Harold Edwards, President and Chief Executive Officer of the Company, stated, “The success of our strategic shift towards an “asset-lighter” business model is evident in our third quarter results with brokered lemons and other lemon sales growing 76% year-over-year to $8.8 million and achieving farm management revenue of $5.4 million. Additionally, we continue to make headway monetizing water assets with the recently announced water fallowing program in Yuma, Arizona for expected annual proceeds of $1.3 million. We anticipate the sale of our two remaining identified non-strategic assets in the next nine months. Over the past year, we have worked to identify and eliminate unproductive or unprofitable parts of our business including the sale of non-strategic assets, exiting farming operations in Cadiz and terminating our long-term pension plan – all of which we expect to dramatically improve our margins starting in fiscal year 2024.”

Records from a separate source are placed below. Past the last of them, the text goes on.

(* Let $G$ be a $2$-free digraph on $n$ vertices. Then $\tilde{P}_3(G) \leq \frac{2}{25}n^3$.
   Context: All digraphs are finite, have no loops, and have at most one edge $uv$ (the ordered pair $(u,v)$) for each ordered pair of distinct vertices. A digraph is $2$-free if it has no directed cycle of length at most $2$, i.e. there are no distinct vertices $u,v$ with both $uv$ and $vu$ edges. An induced $3$-vertex directed path is a triple $(a,b,c)$ of distinct vertices such that $ab$ and $bc$ are edges and neither $ac$ nor $ca$ is an edge. $\tilde{P}_3(G)$ denotes the number of induced $3$-vertex directed paths in $G$. *)

From mathcomp Require Import all_boot.
Set Implicit Arguments. Unset Strict Implicit. Unset Printing Implicit Defensive.

(* A digraph on the finite vertex type T is an edge relation e : rel T,
   where e u v means the edge uv (ordered pair (u,v)) is present. *)
Definition loopless (T : finType) (e : rel T) : Prop := forall v : T, ~~ e v v.

Definition two_free (T : finType) (e : rel T) : Prop :=
  loopless e /\ forall u v : T, u != v -> ~~ (e u v && e v u).

Definition induced_P3 (T : finType) (e : rel T) (a b c : T) : bool :=
  [&& a != b, b != c, a != c, e a b, e b c, ~~ e a c & ~~ e c a].

Definition P3tilde (T : finType) (e : rel T) : nat :=
  #|[set t : T * T * T | induced_P3 e t.1.1 t.1.2 t.2]|.

From mathcomp Require Import all_boot all_order all_algebra.
From mathcomp Require Import zify ring.
Import Order.TTheory GRing.Theory Num.Theory.
Set Implicit Arguments. Unset Strict Implicit. Unset Printing Implicit Defensive.

(* Seen from a vertex v, every
   other vertex x has an adjacency indicator s(x) and a signed indicator
   d(x) = [x -> v] - [v -> x]; to pairs x <> y of vertices other than v we
   give the weight
        W_v(x,y) = -5 s(x)s(y) - 9 d(x)d(y) + 4 s(x) + 4 s(y).
   1. Local inequality: for any three vertices, the sum of W over the six
      orderings of the triple is at least 40 times the number of orderings
      that are induced directed paths; this is a finite check over the
      2-free digraphs on three vertices.
   2. Vertex bound: for fixed v, the total of W_v is a quadratic form in the
      degree S and the imbalance D of v, namely -5S^2 - 9D^2 + (8n-2)S, and
      16n^2 - 5(-5S^2 - 9D^2 + (8n-2)S) = (5S-4n)^2 + 45D^2 + 10S >= 0.
   Summing 1 over all ordered triples (each triple is counted six times)
   gives 40 P3tilde(G) <= sum_v sum_(x,y) W_v(x,y) <= 16n^3/5. *)

Local Open Scope ring_scope.

Section SymmetricTripleSums.
Variables (T : finType) (V : nmodType).

Definition sym3 (g : T * T * T -> V) (t : T * T * T) : V :=
  g t + g (t.1.1, t.2, t.1.2) + g (t.1.2, t.1.1, t.2) + g (t.1.2, t.2, t.1.1)
      + g (t.2, t.1.1, t.1.2) + g (t.2, t.1.2, t.1.1).

Lemma sum_reindex_inj (g : T * T * T -> V) (h : T * T * T -> T * T * T) :
  injective h -> \sum_t g (h t) = \sum_t g t.
Proof. by move=> h_inj; rewrite [RHS](reindex_inj h_inj). Qed.

Lemma sum_sym3 (g : T * T * T -> V) : \sum_t sym3 g t = (\sum_t g t) *+ 6.
Proof.
rewrite /sym3 !big_split /= !sum_reindex_inj.
  by rewrite !mulrS mulr0n addr0 !addrA.
all: by move=> [[a b] c] [[a' b'] c'] /= [-> -> ->].
Qed.

End SymmetricTripleSums.

Lemma sum_indicator (T : finType) (P : pred T) :
  \sum_t (P t : nat)%:Z = #|[set t | P t]|%:Z.
Proof.
rewrite -sum1dep_card (big_morph Posz PoszD (erefl _)) [RHS]big_mkcond /=.
by apply: eq_bigr => t _; case: (P t).
Qed.

Section WeightedCounting.
Variables (T : finType) (e : rel T).
Hypothesis two_free_e : two_free e.

Definition adj (v x : T) : int := (e v x || e x v : nat)%:Z.
Definition imb (v x : T) : int := (e x v : nat)%:Z - (e v x : nat)%:Z.
Definition off (v x : T) : int := (x != v : nat)%:Z.

(* The quadratic form W_v(x,y); it vanishes automatically when x = v or y = v,
   and the weight additionally excludes the diagonal x = y. *)
Definition form (v x y : T) : int :=
  - 5 * adj v x * adj v y - 9 * imb v x * imb v y
  + 4 * adj v x * off v y + 4 * off v x * adj v y.
Definition weight (v x y : T) : int := (x != y : nat)%:Z * form v x y.
Definition ind (a b c : T) : int := (induced_P3 e a b c : nat)%:Z.

Lemma no_loop v : e v v = false.
Proof. by case: two_free_e => /(_ v) /negbTE. Qed.

Lemma no_2cycle u v : u != v -> ~~ (e u v && e v u).
Proof. by case: two_free_e => _; apply. Qed.

Lemma weight_repeat v x :
  [/\ weight v v x = 0, weight v x v = 0 & weight x v v = 0].
Proof. by rewrite /weight /form /adj /imb /off no_loop !eqxx /=; split; lia. Qed.

Lemma ind_repeat v x : [/\ ind v v x = 0, ind v x v = 0 & ind x v v = 0].
Proof. by rewrite /ind /induced_P3 !eqxx /= !andbF. Qed.

Lemma local_inequality t : 40 * sym3 (fun t => ind t.1.1 t.1.2 t.2) t
                              <= sym3 (fun t => weight t.1.1 t.1.2 t.2) t.
Proof.
case: t => [[a b] c]; rewrite /sym3 /=.
case: (eqVneq a b) => [<-|ab].
  have [-> -> ->] := weight_repeat a c; have [-> -> ->] := ind_repeat a c.
  by rewrite !addr0 mulr0.
case: (eqVneq a c) => [<-|ac].
  have [-> -> ->] := weight_repeat a b; have [-> -> ->] := ind_repeat a b.
  by rewrite !addr0 mulr0.
case: (eqVneq b c) => [<-|bc].
  have [-> -> ->] := weight_repeat b a; have [-> -> ->] := ind_repeat b a.
  by rewrite !addr0 mulr0.
move: (no_2cycle ab) (no_2cycle ac) (no_2cycle bc).
rewrite /ind /induced_P3 /weight /form /adj /imb /off.
rewrite ![b == a]eq_sym ![c == a]eq_sym ![c == b]eq_sym ab ac bc /=.
by case: (e a b); case: (e b a); case: (e a c); case: (e c a);
   case: (e b c); case: (e c b) => //= _ _ _; lia.
Qed.

Definition degree (v : T) : int := \sum_x adj v x.
Definition imbalance (v : T) : int := \sum_x imb v x.

Lemma sum_off v : \sum_x off v x = #|T|%:Z - 1.
Proof.
rewrite sum_indicator.
have -> : [set x | x != v] = [set~ v] by apply/setP => x; rewrite !inE.
have n_gt0 : (0 < #|T|)%N by apply/card_gt0P; exists v.
by rewrite cardsC1; lia.
Qed.

(* Step 2: the total of the form W_v is a quadratic in degree and imbalance,
   because the form is a sum of products of a function of x and of y. *)
Lemma form_total v :
  \sum_x \sum_y form v x y = - 5 * degree v ^+ 2 - 9 * imbalance v ^+ 2
                             + 8 * (#|T|%:Z - 1) * degree v.
Proof.
have separate x y : form v x y = (- 5 * adj v x) * adj v y
    + (- 9 * imb v x) * imb v y + (4 * adj v x) * off v y
    + (4 * off v x) * adj v y by rewrite /form; ring.
rewrite (eq_bigr _ (fun x _ => eq_bigr _ (fun y _ => separate x y))).
under eq_bigr do rewrite !big_split.
rewrite !big_split /= -!big_distrlr /= -!mulr_sumr sum_off /degree /imbalance.
ring.
Qed.

(* On the diagonal, s(x)^2 = d(x)^2 = s(x) by 2-freeness. *)
Lemma form_diag v x : form v x x = - 6 * adj v x.
Proof.
rewrite /form /adj /imb /off.
case: (eqVneq x v) => [->|xv]; first by rewrite no_loop.
by move: (no_2cycle xv); case: (e v x); case: (e x v) => //= _; lia.
Qed.

(* Removing the diagonal x = y adds 6 * degree. *)
Lemma weight_total v :
  \sum_x \sum_y weight v x y = - 5 * degree v ^+ 2 - 9 * imbalance v ^+ 2
                               + (8 * #|T|%:Z - 2) * degree v.
Proof.
have row x : \sum_y weight v x y = \sum_y form v x y - form v x x.
  rewrite [LHS](bigD1 x) // [in RHS](bigD1 x) //= /weight eqxx mul0r add0r.
  by rewrite addrC addrK; apply: eq_bigr => y yx; rewrite eq_sym yx mul1r.
under eq_bigr do rewrite row form_diag.
by rewrite sumrB form_total -mulr_sumr; ring.
Qed.

Lemma weight_total_bound v :
  5 * \sum_x \sum_y weight v x y <= 16 * #|T|%:Z ^+ 2.
Proof.
rewrite weight_total -subr_ge0.
have degree_ge0 : 0 <= degree v by apply: sumr_ge0 => x _; rewrite /adj.
set S := degree v; set D := imbalance v; set n := #|T|%:Z.
have -> : 16 * n ^+ 2 - 5 * (- 5 * S ^+ 2 - 9 * D ^+ 2 + (8 * n - 2) * S)
          = (5 * S - 4 * n) ^+ 2 + 45 * D ^+ 2 + 10 * S by ring.
by rewrite !addr_ge0 ?sqr_ge0 // mulr_ge0 // sqr_ge0.
Qed.

Lemma weighted_count :
  40 * (P3tilde e)%:Z <= \sum_v \sum_x \sum_y weight v x y.
Proof.
have -> : (P3tilde e)%:Z = \sum_(t : T * T * T) ind t.1.1 t.1.2 t.2.
  by rewrite /P3tilde -sum_indicator.
rewrite !pair_big /= -(ler_pMn2r (n := 6)) // -mulrnAr -!sum_sym3 mulr_sumr.
by apply: ler_sum => t _; apply: local_inequality.
Qed.

Lemma P3tilde_bound_int : 25 * (P3tilde e)%:Z <= 2 * #|T|%:Z ^+ 3.
Proof.
have total_bound : 5 * \sum_v \sum_x \sum_y weight v x y <= 16 * #|T|%:Z ^+ 3.
  rewrite mulr_sumr (le_trans (ler_sum _ (fun v _ => weight_total_bound v))) //.
  have -> : 16 * #|T|%:Z ^+ 3 = 16 * #|T|%:Z ^+ 2 *+ #|T|.
    by rewrite -mulr_natr exprS; ring.
  by rewrite sumr_const.
move: weighted_count total_bound; set W := \sum_v _; set N := _ ^+ 3.
by lia.
Qed.

End WeightedCounting.

Local Close Scope ring_scope.

Theorem mainTheorem1 (T : finType) (e : rel T) :
  two_free e -> 25 * P3tilde e <= 2 * #|T| ^ 3.
Proof.
have cube : ((#|T| ^ 3)%:Z = #|T|%:Z ^+ 3)%R by rewrite -natz natrX natz.
move=> two_free_e; have := P3tilde_bound_int two_free_e.
by rewrite -cube; lia.
Qed.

Mr. Edwards continued, “Our third quarter results were impacted by lower lemon pricing and lower fresh utilization rates as a result of the heavy rains in California throughout December until May, which delayed a portion of our lemon harvest by two months and led to an industry-wide pest issue that lowered the grade on certain fruit. As a result, lemon pricing remained pressured throughout the quarter. However, as of the beginning of August lemon pricing has steadily been increasing for all grades and sizes with prices up compared to the last few years and at the highest level since 2018. We believe this positions us very well for expected higher lemon pricing in fiscal year 2024.”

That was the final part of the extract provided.